Rocky Mountain National Park is one of 25 most at risk from climate change
Lion Lake No. 1 in Rocky Mountain National Park’s Wild Basin, with Mount Alice and Chiefs Head Peak standing tall in the distance. Photo by Broomfield Enterprise.
In the future, there may be fewer snow-capped peaks to gaze at in Rocky Mountain National Park.
The meadows on the west side of the park may change as the climate warms and dries, making them less hospitable to moose and pine martens, and aspens across the park may disappear along with the plants that call the tundra home.
These are the dire predictions of a report released yesterday by the Rocky Mountain Climate Organization and the Natural Resources Defense Council, which called climate change “the greatest threat ever” to national parks.
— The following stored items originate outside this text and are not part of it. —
Definition word_representable (V : finType) (adj : rel V) : Prop :=
  exists w : seq V, represents adj w.

Definition k_uniform (V : finType) (k : nat) (w : seq V) : bool :=
  [forall v : V, count_mem v w == k].

Definition k_representable (V : finType) (adj : rel V) (k : nat) : Prop :=
  exists w : seq V, k_uniform k w /\ represents adj w.

Definition circ_dist (m : nat) (i j : 'I_m) : nat :=
  let d := if i <= j then j - i else i - j in minn d (m - d).

Definition circulant (m : nat) (R : pred nat) : rel 'I_m :=
  fun i j => (i != j) && (circ_dist i j \in R).

Definition C2n_x1n (n x : nat) : rel 'I_(2 * n) :=
  circulant (fun d : nat => [|| d == 1, d == x | d == n]).
Arguments C2n_x1n : clear implicits.

(* Let w be the 5-uniform word whose b-th block (b = 0, ..., 2n-1) is
   b, b-1, b-x, b+n, b+x (mod 2n).  Adding c to every letter rotates w by c
   blocks, and a rotation does not change whether two letters occurring equally
   often alternate; so whether u and v alternate depends only on d = v - u
   (mod 2n), and d and -d behave alike.  For d = 1, x, n the ten occurrences of
   0 and d interleave; checking this order is where n/2 < x <= 2n/3 is used.
   For any other d, the occurrence of 0 opening block 0 and the one in the
   second slot of block 1 enclose only the letters -1, -x, n, x, 1, so 0 and d
   do not alternate.  These are exactly the edges of C_2n(x,1,n). *)

From mathcomp Require Import all_boot zify.
Set Implicit Arguments. Unset Strict Implicit. Unset Printing Implicit Defensive.

Lemma filter_rot (T : Type) (P : pred T) k (s : seq T) :
  filter P (rot k s) = rot (size (filter P (take k s))) (filter P s).
Proof. by rewrite -{3}(cat_take_drop k s) filter_cat rot_size_cat /rot filter_cat. Qed.

Lemma modn_wrap a v m : v < m -> a = v \/ a = v + m -> a %% m = v.
Proof. by move=> lt_vm [->|->]; rewrite ?modnDr modn_small. Qed.
(* Let $\varrho\ge1$ and $K\ge 4\varrho+1$ be integers, and consider a configuration satisfying $WU_0$ (for clocks with values in $\{0,\dots,K-1\}$). Let $p,q$ be processes with $d(p,q)\le 2\varrho$, and let $a=p.r$, $b=q.r$. Then the intrinsic delay satisfies $\delta_{(p,q)}=\overline{b-a}$ if $0\le\overline{b-a}\le 2\varrho$, and $\delta_{(p,q)}=-\overline{a-b}$ otherwise.
   Context: Let $G=(V,E)$ be a finite connected undirected graph with hop distance $d$. For an integer $a$, $\bar a\in\{0,\dots,K-1\}$ is its residue modulo $K$. Each process $p$ holds a clock $p.r\in\{0,\dots,K-1\}$. Integers $a,b$ are locally comparable if $\min(\overline{a-b},\overline{b-a})\le1$, and then $b\ominus a=\overline{b-a}$ if $\overline{b-a}\le1$, and $b\ominus a=-\overline{a-b}$ otherwise. A configuration satisfies $WU$ if for every edge $\{p,q\}$, $p.r$ and $q.r$ are locally comparable. The delay of a path $\mu=p_0p_1\ldots p_k$ is $\delta_\mu=\sum_{i=0}^{k-1}(p_{i+1}.r\ominus p_i.r)$ ($0$ if $k=0$). A configuration satisfies $WU_0$ if it satisfies $WU$ and for all $p,q$ all paths from $p$ to $q$ have the same delay, denoted $\delta_{(p,q)}$ (the intrinsic delay). *)

From mathcomp Require Import all_boot all_order all_algebra.
Set Implicit Arguments. Unset Strict Implicit. Unset Printing Implicit Defensive.
Import Order.TTheory GRing.Theory Num.Theory.
Local Open Scope ring_scope.

Definition res (K : nat) (a : int) : int := (a %% K%:Z)%Z.

Definition loc_comp (K : nat) (a b : int) : bool :=
  (res K (a - b) <= 1) || (res K (b - a) <= 1).

Definition ominus (K : nat) (b a : int) : int :=
  if res K (b - a) <= 1 then res K (b - a) else - res K (a - b).

Definition clk (V : Type) (K : nat) (r : V -> 'I_K) (p : V) : int := (nat_of_ord (r p))%:Z.

Definition WU (V : Type) (e : rel V) (K : nat) (r : V -> 'I_K) : Prop :=
  forall p q, e p q -> loc_comp K (clk r p) (clk r q).

Fixpoint delay (V : Type) (K : nat) (r : V -> 'I_K) (x : V) (s : seq V) : int :=
  match s with
  | [::] => 0
  | y :: s' => ominus K (clk r y) (clk r x) + delay r y s'
  end.

Definition is_path (V : eqType) (e : rel V) (x y : V) (s : seq V) : bool :=
  path e x s && (last x s == y).

Definition WU0 (V : eqType) (e : rel V) (K : nat) (r : V -> 'I_K) : Prop :=
  WU e r /\
  forall p q s1 s2, is_path e p q s1 -> is_path e p q s2 ->
    delay r p s1 = delay r p s2.

(* hop distance d(p,q) <= k: there is a path from p to q with at most k edges *)
Definition dist_le (V : eqType) (e : rel V) (k : nat) (p q : V) : Prop :=
  exists s, is_path e p q s /\ (size s <= k)%N.

From mathcomp Require Import all_boot all_order all_algebra.
From mathcomp Require Import zify.
Import Order.TTheory GRing.Theory Num.Theory.
Local Open Scope ring_scope.

(* Every step of a path in a WU configuration contributes a
   local delay in {-1, 0, 1} that is congruent modulo K to the difference of
   the two clocks.  Hence the delay D of any path from p to q satisfies
   |D| <= length of the path and D = b - a (mod K).  For a shortest path
   (length <= 2 rho) we get |D| <= 2 rho < K / 2, and such a D is uniquely
   recovered from the residues of b - a and a - b: it equals res (b - a) when
   D >= 0, while for D < 0 the residue of b - a is K + D > 2 rho and
   res (a - b) = -D.  Under WU_0 every path from p to q has the same delay, so
   the formula holds for all of them. *)

Section Residues.

Variable K : nat.
Hypothesis K_gt0 : (0 < K)%N.

Lemma res_bounds (t : int) : 0 <= res K t < K%:Z.
Proof. by rewrite /res modz_ge0 ?ltz_pmod ?ltz_nat // eqz_nat -lt0n. Qed.

Lemma res_congr (t : int) : exists m : int, res K t = t + m * K%:Z.
Proof.
exists (- (t %/ K%:Z)%Z); rewrite /res {2}(divz_eq t K%:Z) mulNr.
by rewrite addrC addKr.
Qed.

Lemma ominus_congr (y z : int) : loc_comp K z y ->
  `|ominus K y z| <= 1 /\ exists m : int, ominus K y z = y - z + m * K%:Z.
Proof.
rewrite /loc_comp /ominus => comp_zy; case: ifP => small_yz.
  have /andP[res_ge0 _] := res_bounds (y - z).
  by split; [rewrite ger0_norm | exact: res_congr].
have small_zy : res K (z - y) <= 1 by move: comp_zy; rewrite small_yz orbF.
have /andP[res_ge0 _] := res_bounds (z - y).
split; first by rewrite normrN ger0_norm.
have [m ->] := res_congr (z - y); exists (- m).
by rewrite opprD opprB mulNr.
Qed.

Lemma delay_congr (V : eqType) (e : rel V) (r : V -> 'I_K) :
  WU e r -> forall (s : seq V) (x : V), path e x s ->
  `|delay r x s| <= (size s)%:R /\
  exists m : int, delay r x s = clk r (last x s) - clk r x + m * K%:Z.
Proof.
move=> hWU; elim=> [|y s IH] x /=.
  by move=> _; split => //; exists 0; rewrite mul0r addr0 subrr.
move=> /andP[exy path_ys]; have [bound_s [m hm]] := IH _ path_ys.
have [bound_step [n hn]] := @ominus_congr (clk r y) (clk r x) (hWU _ _ exy).
split.
  apply: le_trans (ler_normD _ _) _.
  by rewrite -addn1 natrD addrC lerD.
exists (n + m); rewrite hn hm mulrDl addrACA; congr (_ + _).
by rewrite addrC addrA subrK.
Qed.

Lemma small_from_res (R D t : int) : R + R < K%:Z -> `|D| <= R ->
  (exists m : int, t = m * K%:Z + D) ->
  D = if (0 <= res K t) && (res K t <= R) then res K t else - res K (- t).
Proof.
move=> RK; rewrite ler_norml => /andP[D_ge D_le] [m ->].
have -> : - (m * K%:Z + D) = (- m) * K%:Z + (- D) by rewrite opprD mulNr.
rewrite /res !modzMDl.
have [D_ge0 | D_lt0] := leP 0 D.
  by rewrite modz_small ?D_ge0 ?D_le //=; lia.
have -> : (D %% K%:Z)%Z = K%:Z + D.
  by rewrite -(modzDl D K%:Z) modz_small //; apply/andP; split; lia.
have -> : ((- D) %% K%:Z)%Z = - D by rewrite modz_small //; apply/andP; split; lia.
have -> : (0 <= K%:Z + D) && (K%:Z + D <= R) = false by lia.
by rewrite opprK.
Qed.

End Residues.

Theorem mainTheorem7 (V : finType) (e : rel V)
    (e_sym : symmetric e) (e_irr : irreflexive e)
    (e_conn : forall p q : V, connect e p q)
    (rho K : nat) (rho_ge1 : (1 <= rho)%N) (K_ge : (4 * rho + 1 <= K)%N)
    (r : V -> 'I_K) (hWU0 : WU0 e r)
    (p q : V) (hd : dist_le e (2 * rho) p q) :
  let a := clk r p in
  let b := clk r q in
  forall s, is_path e p q s ->
    delay r p s =
      (if (0 <= res K (b - a)) && (res K (b - a) <= (2 * rho)%:Z)
       then res K (b - a) else - res K (a - b)).
Proof.
move=> a b s path_s.
have K_gt0 : (0 < K)%N by lia.
have [hWU same_delay] := hWU0.
have [s0 [path_s0 size_s0]] := hd.
rewrite (same_delay _ _ _ _ path_s path_s0) -[a - b]opprB.
have /andP[path0 /eqP last0] := path_s0.
have [bound [m congr0]] := @delay_congr K K_gt0 _ e r hWU _ _ path0.
apply: (@small_from_res K K_gt0) => //.
- lia.
- by apply: le_trans bound _; rewrite natz lez_nat.
- by exists (- m); rewrite congr0 last0 mulNr addrCA addNr addr0.
Qed.
Lemma free_basis_left_dual :
  exists (F : seq R) (w : R -> R), [/\ uniq F, {in F, forall b, B b} &
    forall x, \sum_(b <- F) b * io (G (w b * x)) = x].
Proof.
have [F [a [uF FB ra]]] := free_basis_common_support.
exists F, (fun b => \sum_(i < q) io (a i b) * s i); split=> // x.
case: G_fin => _ _ /(_ x)[xr _]; rewrite -[RHS]xr.
under eq_bigr => b _.
  rewrite mulr_suml !raddf_sum mulr_sumr.
  under eq_bigr do rewrite /= -mulrA G_mull rmorphM mulrA.
  over.
by rewrite exchange_big; apply: eq_bigr => i _; rewrite ra mulr_suml.
Qed.

Lemma free_basis_orth_dual_bases :
  exists p (z w : 'I_p -> R), orth_dual_bases io G z w /\ forall i, B (z i).
Proof.
have [F [w [uF FB Fw]]] := free_basis_left_dual.
have orth a b : a \in F -> b \in F -> G (w a * b) = (a == b)%:R.
  move=> aF bF; apply: (free_basis_coord_uniq (c1 := fun a => G (w a * b))
                                (c2 := fun a => (a == b)%:R) uF FB) => //.
  rewrite Fw (bigD1_seq b) //= eqxx rmorph1 mulr1 big1 ?addr0 // => a' /negbTE ->.
  by rewrite raddf0 mulr0.
exists (size F), (nth 0 F), (fun i => w (nth 0 F i)).
split=> [|i]; last exact/FB/mem_nth.
split=> [i j|]; first by rewrite orth ?mem_nth // nth_uniq.
apply: quasi_basis_of_left => x.
by rewrite -[in RHS](Fw x) [RHS](big_nth 0) big_mkord.
Qed.

End FreeBasis.

Lemma free_centralizing_basisP (A : algType k) (g : A -> S) :
  (exists B, free_right_basis io B /\
     forall b, B b -> centralizes (fun a => io (g a)) b) <->
  (exists p (z w : 'I_p -> R), orth_dual_bases io G z w /\
     forall i, centralizes (fun a => io (g a)) (z i) /\
               centralizes (fun a => io (g a)) (w i)).
Proof.
split=> [[B [B_free Bc]] | [p [z [w [zw zwc]]]]].
  have [p [z [w [zw zB]]]] := free_basis_orth_dual_bases B_free.
  exists p, z, w; split=> // i; split; first exact/Bc/zB.
  by apply: orth_dual_bases_centralizes zw _ i => j; exact/Bc/zB.
exists (fun b => exists i, b = z i); split; first exact: orth_dual_bases_free zw.
by move=> _ [i ->]; exact: (zwc i).1.
Qed.

End IndexFinite.

Lemma is_tensor_ext (k : fieldType) (S R R1 : algType k) (iS : S -> R)
    (beta : R -> R -> R1) (V : lmodType k) (g1 g2 : R1 -> V) :
  is_tensor iS beta -> klinear g1 -> klinear g2 ->
  (forall a b, g1 (beta a b) = g2 (beta a b)) -> g1 =1 g2.
Proof.
move=> [[betaZDl [betaZDr betaA]] beta_univ] g1_lin g2_lin g12 t.
have g1_beta : bilin_balanced iS (fun a b => g1 (beta a b)).
  split; [|split] => [c a a' b | c a b b' | a u b]; last by rewrite betaA.
    by rewrite betaZDl g1_lin.
  by rewrite betaZDr g1_lin.
have [g [_ [_ g_uniq]]] := beta_univ V _ g1_beta.
by rewrite (g_uniq g1) // (g_uniq g2).
Qed.

Section BasicConstruction.
Variables (k : fieldType) (S R R1 : algType k) (iS : S -> R) (ES : R -> S).
Variables (q : nat) (r s : 'I_q -> R) (lam : k).
Variables (iR : R -> R1) (ER : R1 -> R) (beta : R -> R -> R1).
Hypotheses (lam_neq0 : lam != 0) (rs_qb : quasi_basis iS ES r s).
Hypotheses (beta_tensor : is_tensor iS beta)
  (beta_mul : forall a b c d,
     beta a b * beta c d = beta (a * iS (ES (b * c))) d)
  (beta_one : 1 = \sum_(i < q) beta (r i) (s i))
  (iR_def : forall x, iR x = \sum_(i < q) beta (x * r i) (s i))
  (ER_lin : klinear ER) (ER_beta : forall a b, ER (beta a b) = lam *: (a * b)).

HB.instance Definition _ := GRing.isLinear.Build k R1 R *:%R ER ER_lin.

Let betaZDl c a a' b : beta (c *: a + a') b = c *: beta a b + beta a' b.
Proof. by case: beta_tensor => -[]. Qed.

Let betaZDr c a b b' : beta a (c *: b + b') = c *: beta a b + beta a b'.
Proof. by case: beta_tensor => -[_ []]. Qed.

Let betaA a u b : beta (a * iS u) b = beta a (iS u * b).
Proof. by case: beta_tensor => -[_ []]. Qed.

Let beta_suml I (l : seq I) (F : I -> R) b :
  beta (\sum_(i <- l) F i) b = \sum_(i <- l) beta (F i) b.
Proof.
have beta0 : beta 0 b = 0.
  by have := betaZDl (-1) 1 1 b; rewrite !scaleN1r !addNr.
have betaD a a' : beta (a + a') b = beta a b + beta a' b.
  by have := betaZDl 1 a a' b; rewrite !scale1r.
exact: (big_morph (beta^~ b) betaD beta0).
Qed.

Let beta_sumr I (l : seq I) (F : I -> R) a :
  beta a (\sum_(i <- l) F i) = \sum_(i <- l) beta a (F i).
Proof.
have beta0 : beta a 0 = 0.
  by have := betaZDr (-1) a 1 1; rewrite !scaleN1r !addNr.
have betaD b b' : beta a (b + b') = beta a b + beta a b'.
  by have := betaZDr 1 a b b'; rewrite !scale1r.
exact: (big_morph (beta a) betaD beta0).
Qed.

Lemma iR_mull x a b : iR x * beta a b = beta (x * a) b.
Proof.
rewrite iR_def mulr_suml -[in RHS](rs_qb a).1 mulr_sumr beta_suml.
by apply: eq_bigr => i _; rewrite beta_mul mulrA.
Qed.

Lemma iR_mulr x a b : beta a b * iR x = beta a (b * x).
Proof.
rewrite iR_def mulr_sumr -[in RHS](rs_qb (b * x)).2 beta_sumr.
by apply: eq_bigr => i _; rewrite beta_mul betaA mulrA.
Qed.

Lemma iR_alg_mor : alg_mor iR.
Proof.
split; [|split] => [c a b | a b |].
- rewrite !iR_def scaler_sumr -big_split; apply: eq_bigr => i _.
  by rewrite mulrDl -scalerAl betaZDl.
- rewrite [iR b]iR_def mulr_sumr iR_def; apply: eq_bigr => i _.
  by rewrite iR_mull mulrA.
- by rewrite iR_def beta_one; apply: eq_bigr => i _; rewrite mul1r.
Qed.

HB.instance Definition _ := GRing.isLinear.Build k R R1 *:%R iR iR_alg_mor.1.

Lemma ER_bimod : bimod_map iR ER.
Proof.
split=> [a b | u v]; first by rewrite raddfD.
have := is_tensor_ext beta_tensor (g1 := fun t => ER (iR u * t * iR v))
  (g2 := fun t => u * ER t * v).
apply=> [c a b | c a b | a b] /=.
- by rewrite mulrDr mulrDl -scalerAr -scalerAl linearP.
- by rewrite linearP mulrDr mulrDl -scalerAr -scalerAl.
- by rewrite iR_mull iR_mulr !ER_beta -scalerAr -scalerAl !mulrA.
Qed.

Lemma basic_construction_quasi_basis :
  quasi_basis iR ER (fun i => lam^-1 *: beta (r i) 1) (fun i => beta 1 (s i)).
Proof.
move=> t; split.
  have := is_tensor_ext beta_tensor (g2 := id) (g1 := fun t =>
    \sum_(i < q) (lam^-1 *: beta (r i) 1) * iR (ER (beta 1 (s i) * t))).
  apply=> [c a b | c a b | a b] //=.
    rewrite scaler_sumr -big_split; apply: eq_bigr => i _ /=.
    by rewrite mulrDr -scalerAr linearP /= raddfD /= linearZ /= mulrDr -scalerAr.
  rewrite -[in RHS](rs_qb a).1 beta_suml; apply: eq_bigr => i _.
  rewrite beta_mul mul1r ER_beta linearZ /= -scalerAl -scalerAr scalerA.
  by rewrite mulVf // scale1r iR_mulr mul1r betaA.
have := is_tensor_ext beta_tensor (g2 := id) (g1 := fun t =>
  \sum_(i < q) iR (ER (t * (lam^-1 *: beta (r i) 1))) * beta 1 (s i)).
apply=> [c a b | c a b | a b] //=.
  rewrite scaler_sumr -big_split; apply: eq_bigr => i _ /=.
  by rewrite mulrDl -scalerAl linearP /= raddfD /= linearZ /= mulrDl -scalerAl.
rewrite -[in RHS](rs_qb b).2 beta_sumr; apply: eq_bigr => i _.
rewrite -scalerAr beta_mul linearZ /= ER_beta scalerA mulVf // scale1r mulr1.
by rewrite iR_mull mulr1 betaA.
Qed.

End BasicConstruction.

Lemma basic_construction_index_finite (k : fieldType) (S R R1 : algType k)
    (iS : S -> R) (ES : R -> S) (q : nat) (r s : 'I_q -> R) (lam : k)
    (iR : R -> R1) (ER : R1 -> R) (beta : R -> R -> R1) :
  lam != 0 -> index_finite iS ES r s ->
  basic_construction iS ES r s lam iR ER beta ->
  index_finite iR ER (fun i => lam^-1 *: beta (r i) 1) (fun i => beta 1 (s i)).
Proof.
move=> lam_neq0 [_ _ rs_qb].
move=> [beta_tensor beta_mul beta_one iR_def [ER_lin ER_beta]].
by split; [apply: iR_alg_mor | apply: ER_bimod |
           apply: basic_construction_quasi_basis]; eassumption.
Qed.

Unset Implicit Arguments.
Theorem lemma9 (R : idomainType) (p : R) (hR : is_PID R) (hp : maximal_gen p)
    (B : lmodType R) (A : B -> Prop)
    (hB : p_module p B) (hA : submod A)
    (e : nat) (he : exponent p A e) (l : nat) (hl : (l <= e)%N)
    (Pi : tableau) (hPi : klein_tableau p A Pi)
    (B' : lmodType R) (pi : {linear B -> B'})
    (hsurj : forall y : B', exists x : B, pi x = y)
    (hker : forall x : B, pi x = 0 <-> pA p A l x) :
  klein_tableau p (fun y : B' => exists a, A a /\ y = pi a) (restrict l Pi).
Proof.
case: Pi hPi => gam phi /= [e0 [/exponent_uniq/(_ he) ->]].
move=> [size_gam [type_gam [size_phi phi_spec]]].
have ker_pA i : (i <= l)%N -> contains_ker pi (pA p A i).
  by move=> le_il x /hker; apply: pA_le.
rewrite /restrict /=; exists l; split; first exact: exponent_img hA he hl hker.
rewrite !size_take size_gam size_phi; split; [|split; [|split]].
- by case: ltnP; lia.
- move=> i le_il; rewrite nth_take ?ltnS //.
  have [part_gam cdim_gam] := type_gam i (leq_trans le_il hl).
  by split=> // m /cdim_gam /(cdim_pA_img hsurj _ _ hA (ker_pA i le_il)).
- by case: ltnP; lia.
move=> l' /andP [le2l' le_l'l]; rewrite /= !nth_take; try lia.
have /phi_spec [size_rows rows_spec] : (2 <= l' <= e)%N by lia.
split=> // m /rows_spec [? ? ? count_spec].
split=> // r /count_spec [a [b [ha [hb hab]]]].
by exists a, b; rewrite !(cdim_Ulr_img _ _ _ _ hA) //; apply: ker_pA; lia.
Qed.
(* Let $X$ be a Polish space, $f:X\to\mathbb R$ a Baire-1 function and $a<b$ reals. Let $F\subseteq X$ be closed, $x\in X$ and $\xi<\omega_1$ with $x\in F^{(\xi)}_{f,a,b}$. Then there exists a countable compact set $K\subseteq F$ such that $x\in K^{(\xi)}_{f,a,b}$.
   Context: For closed $F\subseteq X$: $F'_{f,a,b}=\overline{F\cap[f<a]}\cap\overline{F\cap[f>b]}$, where $[f<a]=\{x:f(x)<a\}$, $[f>b]=\{x:f(x)>b\}$; iterated derivatives $F^{(0)}_{f,a,b}=F$, $F^{(\xi+1)}_{f,a,b}=(F^{(\xi)}_{f,a,b})'_{f,a,b}$, $F^{(\lambda)}_{f,a,b}=\bigcap_{\xi<\lambda}F^{(\xi)}_{f,a,b}$ for limit $\lambda$. *)

From Stdlib Require Import Reals List.
Set Implicit Arguments.
Open Scope R_scope.

Section Defs.
Variables (X : Type) (d : X -> X -> R).

Definition is_metric : Prop :=
  (forall x y, 0 <= d x y) /\ (forall x y, d x y = 0 <-> x = y) /\
  (forall x y, d x y = d y x) /\ (forall x y z, d x z <= d x y + d y z).

Definition countable (A : X -> Prop) : Prop :=
  exists g : X -> nat, forall x y, A x -> A y -> g x = g y -> x = y.

Definition cauchy (u : nat -> X) : Prop :=
  forall eps, 0 < eps -> exists N, forall n m, (N <= n)%nat -> (N <= m)%nat -> d (u n) (u m) < eps.

Definition converges_to (u : nat -> X) (l : X) : Prop :=
  forall eps, 0 < eps -> exists N, forall n, (N <= n)%nat -> d (u n) l < eps.

Definition polish : Prop :=
  is_metric /\
  (forall u, cauchy u -> exists l, converges_to u l) /\
  (exists D : X -> Prop, countable D /\
     forall x eps, 0 < eps -> exists y, D y /\ d x y < eps).

Definition closure (A : X -> Prop) (x : X) : Prop :=
  forall eps, 0 < eps -> exists y, A y /\ d x y < eps.

Definition closed (A : X -> Prop) : Prop := forall x, closure A x -> A x.

Definition open (U : X -> Prop) : Prop :=
  forall x, U x -> exists eps, 0 < eps /\ forall y, d x y < eps -> U y.

Definition mcompact (K : X -> Prop) : Prop :=
  forall (J : Type) (U : J -> X -> Prop), (forall j, open (U j)) ->
    (forall x, K x -> exists j, U j x) ->
    exists l : list J, forall x, K x -> exists j, In j l /\ U j x.

Definition continuous (g : X -> R) : Prop :=
  forall x eps, 0 < eps -> exists delta, 0 < delta /\
    forall y, d x y < delta -> Rabs (g y - g x) < eps.

Definition baire1 (f : X -> R) : Prop :=
  exists fn : nat -> X -> R, (forall n, continuous (fn n)) /\
    forall x, Un_cv (fun n => fn n x) (f x).

Definition deriv (f : X -> R) (a b : R) (F : X -> Prop) : X -> Prop :=
  fun x => closure (fun y => F y /\ f y < a) x /\ closure (fun y => F y /\ f y > b) x.

(** Ordinals below omega_1 are represented as elements xi of a countable
    strict well-order (I, lt); xi stands for the order type of {j | lt j xi}. *)
Definition ctble_wellorder (I : Type) (lt : I -> I -> Prop) : Prop :=
  well_founded lt /\
  (forall i j k, lt i j -> lt j k -> lt i k) /\
  (forall i j, i = j \/ lt i j \/ lt j i) /\
  (exists g : I -> nat, forall i j, g i = g j -> i = j).

(** iterated derivative by well-founded recursion along lt:
    minimum -> F ; successor of k -> (F^(k))' ; limit -> intersection. *)
Definition iter_deriv (f : X -> R) (a b : R) (F : X -> Prop)
  (I : Type) (lt : I -> I -> Prop) (wf : well_founded lt) : I -> X -> Prop :=
  Fix wf (fun _ => X -> Prop)
    (fun j rec x =>
       ((forall k, ~ lt k j) /\ F x)
       \/ (exists k (hk : lt k j), (forall m, lt m j -> m = k \/ lt m k) /\
             deriv f a b (rec k hk) x)
       \/ ((exists k, lt k j) /\ (forall k, lt k j -> exists m, lt k m /\ lt m j) /\
             forall k (hk : lt k j), rec k hk x)).

End Defs.
Arguments polish {X}. Arguments closed {X}. Arguments countable {X}.
Arguments mcompact {X}. Arguments baire1 {X}. Arguments iter_deriv {X} d f a b F {I} lt wf.
Arguments ctble_wellorder {I}.

From Stdlib Require Import Reals List Lra Lia Classical ClassicalEpsilon
  FunctionalExtensionality Cantor.
Open Scope R_scope.

(** We prove the
    stronger, local statement that [K] can be taken inside any ball [B(x, r)],
    by well-founded induction on [xi]:
    - minimal [xi]: take [K = {x}];
    - successor [xi = k+1]: [x] is a limit of points [y_n] of [F^(k)] with
      [f y_n < a] (n even) resp. [f y_n > b] (n odd) and [d x y_n -> 0];
      induction gives countable compact [M_n ∋^(k) y_n] in [B(x, r/(n+1))];
    - limit [xi]: enumerate the (countably many) [k < xi] and take, for the
      [n]-th one, a countable compact [M_n] in [B(x, r/(n+1))] with [x ∈ M_n^(k)].
    In the last two cases [K = {x} ∪ ⋃ M_n]: a countable union of countable
    sets, and compact because the [M_n] shrink to [x].  Monotonicity of the
    derivative in the set transfers [y ∈ M_n^(k)] to [y ∈ K^(k)]. *)

Lemma radius_pos r n : 0 < r -> 0 < r / (INR n + 1).
Proof. intros. apply Rdiv_lt_0_compat; auto. pose proof (pos_INR n); lra. Qed.

Lemma radius_le r n : 0 < r -> r / (INR n + 1) <= r.
Proof.
  intros. pose proof (pos_INR n). unfold Rdiv.
  rewrite <- (Rmult_1_r r) at 2. apply Rmult_le_compat_l; [lra|].
  rewrite <- Rinv_1. apply Rinv_le_contravar; lra.
Qed.

Lemma radius_eventually_lt r e : 0 < r -> 0 < e ->
  exists N, forall n, (N <= n)%nat -> r / (INR n + 1) < e.
Proof.
  intros Hr He. destruct (archimed_cor1 (e / r)) as [N [HN HN0]].
  { apply Rdiv_lt_0_compat; auto. }
  exists N. intros n Hn. apply le_INR in Hn. apply lt_INR in HN0. simpl in HN0.
  apply Rle_lt_trans with (r / INR N).
  - unfold Rdiv. apply Rmult_le_compat_l; [lra|]. apply Rinv_le_contravar; lra.
  - unfold Rdiv. replace e with (r * (e / r)) by (field; lra).
    apply Rmult_lt_compat_l; lra.
Qed.

Section Countable.
Variable X : Type.

Lemma countable_nat_union (M : nat -> X -> Prop) :
  (forall n, countable (M n)) -> countable (fun y => exists n, M n y).
Proof.
  intros HM. destruct (choice _ HM) as [G HG].
  pose (idx := fun y => epsilon (inhabits 0%nat) (fun n => M n y)).
  exists (fun y => Cantor.to_nat (idx y, G (idx y) y)).
  intros y z Hy Hz E.
  apply (f_equal Cantor.of_nat) in E. rewrite !Cantor.cancel_of_to in E.
  injection E as Eidx EG.
  pose proof (epsilon_spec (inhabits 0%nat) (fun n => M n y) Hy) as Sy.
  pose proof (epsilon_spec (inhabits 0%nat) (fun n => M n z) Hz) as Sz.
  fold (idx y) in Sy. fold (idx z) in Sz. rewrite Eidx in Sy, EG.
  exact (HG _ y z Sy Sz EG).
Qed.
The report, called National Parks in Peril, listed the 25 parks most at risk of climate change and included two in Colorado: RMNP and Mesa Verde.
From the report’s Colorado fact sheet:
Mesa Verde is vulnerable to a loss of water, more downpours and floods, a loss of plant communities, a loss of wildlife, and a loss of cultural resources. Rocky Mountain is vulnerable to a loss of ice and snow, a loss of water, more downpours and floods, a loss of plant communities, a loss of wildlife, more crowding, a loss of fishing, and more air pollution. Other parks in Colorado, including Black Canyon of the Gunnison National Park, Great Sand Dunes National Park and Preserve, and Dinosaur National Monument, face similar vulnerabilities.
Many of these impacts are already happening, as human activities—the emission of heat-trapping gases—are now changing the climate. To preserve our national parks for ourselves and future generations, we need to both stop changing the climate and take actions to preserve the resources and values that make our parks special.